Life insurance for individuals engaged in service for a business may qualify as group life insurance
(sec. 3917.01)
Under continuing law, certain forms of life insurance are defined as group life insurance, subject to the provisos of the Group Life Insurance Law, Chapter 3917. of the Revised Code. The act defines another form of life insurance as group life insurance.
Under the act, life insurance covering members of a workforce actively engaged in an occupation for and performing services on behalf of a duly organized corporation, L.L.C., partnership, proprietor, or similar organization, which members are not employees of the organization, falls under the Group Life Insurance Law's definition of group life insurance if it meets certain conditions. First, the life insurance must be written under a policy that is issued to the organization, and the premium either must be paid by the organization alone or jointly with the members; provided, that when the premium is paid jointly and the benefits are offered to all eligible members not less than 75% of the members are insured (members are subject to being required to furnish evidence of proof of insurability to the insurer).
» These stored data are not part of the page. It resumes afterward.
Lemma is_RInt_Cmult_l (c : C) (f : R -> C) a b l : is_RInt_C f a b l ->
  is_RInt_C (fun t => Cmult c (f t)) a b (Cmult c l).
Proof.
  intros Hf. apply is_RInt_C_fst in Hf as H1. apply is_RInt_C_snd in Hf as H2.
  apply is_RInt_C_intro; simpl.
  - apply (is_RInt_minus (V := R_NormedModule)); apply (is_RInt_scal (V := R_NormedModule)); auto.
  - apply (is_RInt_plus (V := R_NormedModule)); apply (is_RInt_scal (V := R_NormedModule)); auto.
Qed.

Definition monomial : Type := (nat * nat * nat)%type.

Definition mono (e : monomial) (z : vec3) : R :=
  let '(a, b, c) := e in v1 z ^ a * v2 z ^ b * v3 z ^ c.

(* A polynomial is a list of (coefficient, exponent) pairs; [lincomb l F] replaces each monomial
   [e] by [F e], so that both evaluation and integration are instances of it. *)
Definition poly3 : Type := list (C * monomial).

Fixpoint lincomb (l : poly3) (F : monomial -> R) : C :=
  match l with
  | nil => RtoC 0
  | (c, e) :: l' => Cplus (Cmult c (RtoC (F e))) (lincomb l' F)
  end.

Definition peval (l : poly3) (z : vec3) : C := lincomb l (fun e => mono e z).

Lemma lincomb_scale_R (s : R) l F : Cmult (RtoC s) (lincomb l F) = lincomb l (fun e => s * F e).
Proof.
  induction l as [|[c e] l IH]; simpl; rewrite <- ?IH, ?RtoC_mult; ring.
Qed.

Lemma lincomb_map_monomial (h : monomial -> monomial) l F :
  lincomb (map (fun p => (fst p, h (snd p))) l) F = lincomb l (fun e => F (h e)).
Proof. induction l as [|[c e] l IH]; simpl; congruence. Qed.

Lemma lincomb_scale_coef c l F :
  lincomb (map (fun p => (Cmult c (fst p), snd p)) l) F = Cmult c (lincomb l F).
Proof. induction l as [|[d e] l IH]; simpl; rewrite ?IH; ring. Qed.

Lemma lincomb_ext l F G : (forall e, F e = G e) -> lincomb l F = lincomb l G.
Proof. intro H. induction l as [|[c e] l IH]; simpl; rewrite ?H, ?IH; reflexivity. Qed.

Lemma is_RInt_lincomb l (F : monomial -> R -> R) (V : monomial -> R) a b :
  (forall e, is_RInt (F e) a b (V e)) ->
  is_RInt_C (fun t => lincomb l (fun e => F e t)) a b (lincomb l V).
Proof.
  intro HF. induction l as [|[c e] l IH]; simpl.
  - apply (is_RInt_RtoC (fun _ => 0)), is_RInt_R0.
  - apply is_RInt_Cplus; auto. apply is_RInt_Cmult_l, is_RInt_RtoC, HF.
Qed.

Definition moment (e : monomial) : R := let '(a, b, c) := e in sphere_moment a b c.

(* Integral of [sin phi * mono e] along the parallel of colatitude [phi]. *)
Definition parallel_moment (e : monomial) (phi : R) : R :=
  let '(a, b, c) := e in sc_int 0 (2 * PI) b a * (sin phi ^ (a + b + 1) * cos phi ^ c).

Lemma RInt_periodic_shift (g : R -> R) T t :
  (forall x, continuous g x) -> (forall x, g (x + T) = g x) ->
  RInt (fun x => g (x + t)) 0 T = RInt g 0 T.
Proof.
  intros Hc Hp.
  assert (Ex : forall a b, ex_RInt g a b)
    by (intros; apply (ex_RInt_continuous (V := R_CompleteNormedModule)); auto).
  assert (Htranslate : forall a b s, RInt (fun x => g (x + s)) a b = RInt g (a + s) (b + s)).
  { intros a b s. rewrite <- (RInt_ext (fun y => scal 1 (g (1 * y + s)))).
    - rewrite (RInt_comp_lin (V := R_CompleteNormedModule)). f_equal; ring.
      replace (1 * a + s) with (a + s) by ring. replace (1 * b + s) with (b + s) by ring. apply Ex.
    - intros x _. unfold scal; simpl; unfold mult; simpl. rewrite !Rmult_1_l. reflexivity. }
  rewrite Htranslate. replace (0 + t) with t by ring.
  rewrite <- (RInt_Chasles g t T (T + t)) by apply Ex.
  assert (Hwrap : RInt g T (T + t) = RInt g 0 t).
  { rewrite <- (RInt_ext (fun x => g (x + T)) g 0 t) by auto. rewrite Htranslate. f_equal; ring. }
  rewrite Hwrap.
  rewrite <- (RInt_Chasles g 0 t T) by apply Ex.
  unfold plus; simpl. ring.
Qed.

Lemma sph_periodic phi theta : sph phi (theta + 2 * PI) = sph phi theta.
Proof. unfold sph. rewrite cos_plus, sin_plus, cos_2PI, sin_2PI. f_equal; ring. Qed.

Lemma is_RInt_mono_parallel e phi :
  is_RInt (fun theta => sin phi * mono e (sph phi theta)) 0 (2 * PI) (parallel_moment e phi).
Proof.
  destruct e as [[a b] c]. simpl.
  apply (is_RInt_ext (fun t => (sin phi ^ (a + b + 1) * cos phi ^ c) * (sin t ^ b * cos t ^ a))).
  { intros t _. rewrite !Rpow_mult_distr, !pow_add. simpl. ring. }
  rewrite (Rmult_comm (sc_int _ _ _ _)).
  apply (is_RInt_scal (V := R_NormedModule)), is_RInt_sc_int.
Qed.

Lemma is_RInt_mono_parallel_shift e phi t :
  is_RInt (fun theta => sin phi * mono e (sph phi (theta + t))) 0 (2 * PI) (parallel_moment e phi).
Proof.
  set (g := fun theta => sin phi * mono e (sph phi theta)).
  assert (Hg : forall x, continuous g x).
  { intro x. apply continuous_of_ex_derive. unfold g, mono, sph. destruct e as [[a b] c].
    simpl. auto_derive. auto. }
  replace (parallel_moment e phi) with (RInt (fun theta => g (theta + t)) 0 (2 * PI)).
  - apply (RInt_correct (V := R_CompleteNormedModule)), (ex_RInt_continuous (V := R_CompleteNormedModule)).
    intros x _. apply (continuous_comp (fun x => x + t) g); [|apply Hg].
    apply continuous_of_ex_derive. auto_derive. auto.
  - rewrite RInt_periodic_shift by (auto; intro; unfold g; rewrite sph_periodic; reflexivity).
    apply is_RInt_unique, is_RInt_mono_parallel.
Qed.

Lemma is_RInt_parallel_moment e : is_RInt (parallel_moment e) 0 PI (moment e).
Proof. destruct e as [[a b] c]. apply (is_RInt_scal (V := R_NormedModule)), is_RInt_sc_int. Qed.

Lemma sphere_int_peval_shift l t :
  RInt (V := C_R_CompleteNormedModule) (fun phi => RInt (V := C_R_CompleteNormedModule)
    (fun theta => Cmult (RtoC (sin phi)) (peval l (sph phi (theta + t)))) 0 (2 * PI)) 0 PI
  = lincomb l moment.
Proof.
  rewrite (RInt_ext_C _ (fun phi => lincomb l (fun e => parallel_moment e phi))).
  - apply is_RInt_unique_C, is_RInt_lincomb, is_RInt_parallel_moment.
  - intros phi _. apply is_RInt_unique_C.
    apply (is_RInt_ext (fun theta => lincomb l (fun e => sin phi * mono e (sph phi (theta + t))))).
    + intros theta _. unfold peval. rewrite lincomb_scale_R. reflexivity.
    + apply is_RInt_lincomb. intro e. apply is_RInt_mono_parallel_shift.
Qed.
For purposes of the group life insurance, the organization is considered to be the member's employer. Further, in order to qualify as group life insurance, the life insurance must insure the members for amounts of insurance based upon some plan that precludes individual selection and benefiting persons other than the organization. At the option of the organization, life insurance qualifying as group life insurance under this definition may also cover the organization's own employees.
HISTORY

ACTIONDATEJOURNAL ENTRY
    Introduced
09-17-03p. 1067
    Reported, H. Insurance
12-03-03p. 1246
    Passed House (96-0)
12-09-03pp. 1265-1266
    Reported, S. Insurance,
    Commerce, and Labor

02-12-04

p. 1526
    Passed Senate (32-0)
03-17-04pp. 1636-1643
    House concurred in Senate amendments (97-0)

03-23-04

pp. 1723-1724







* The Legislative Service Commission had not received formal notification of the effective date at the time this analysis was prepared. Additionally, the analysis may not reflect action taken by the Governor.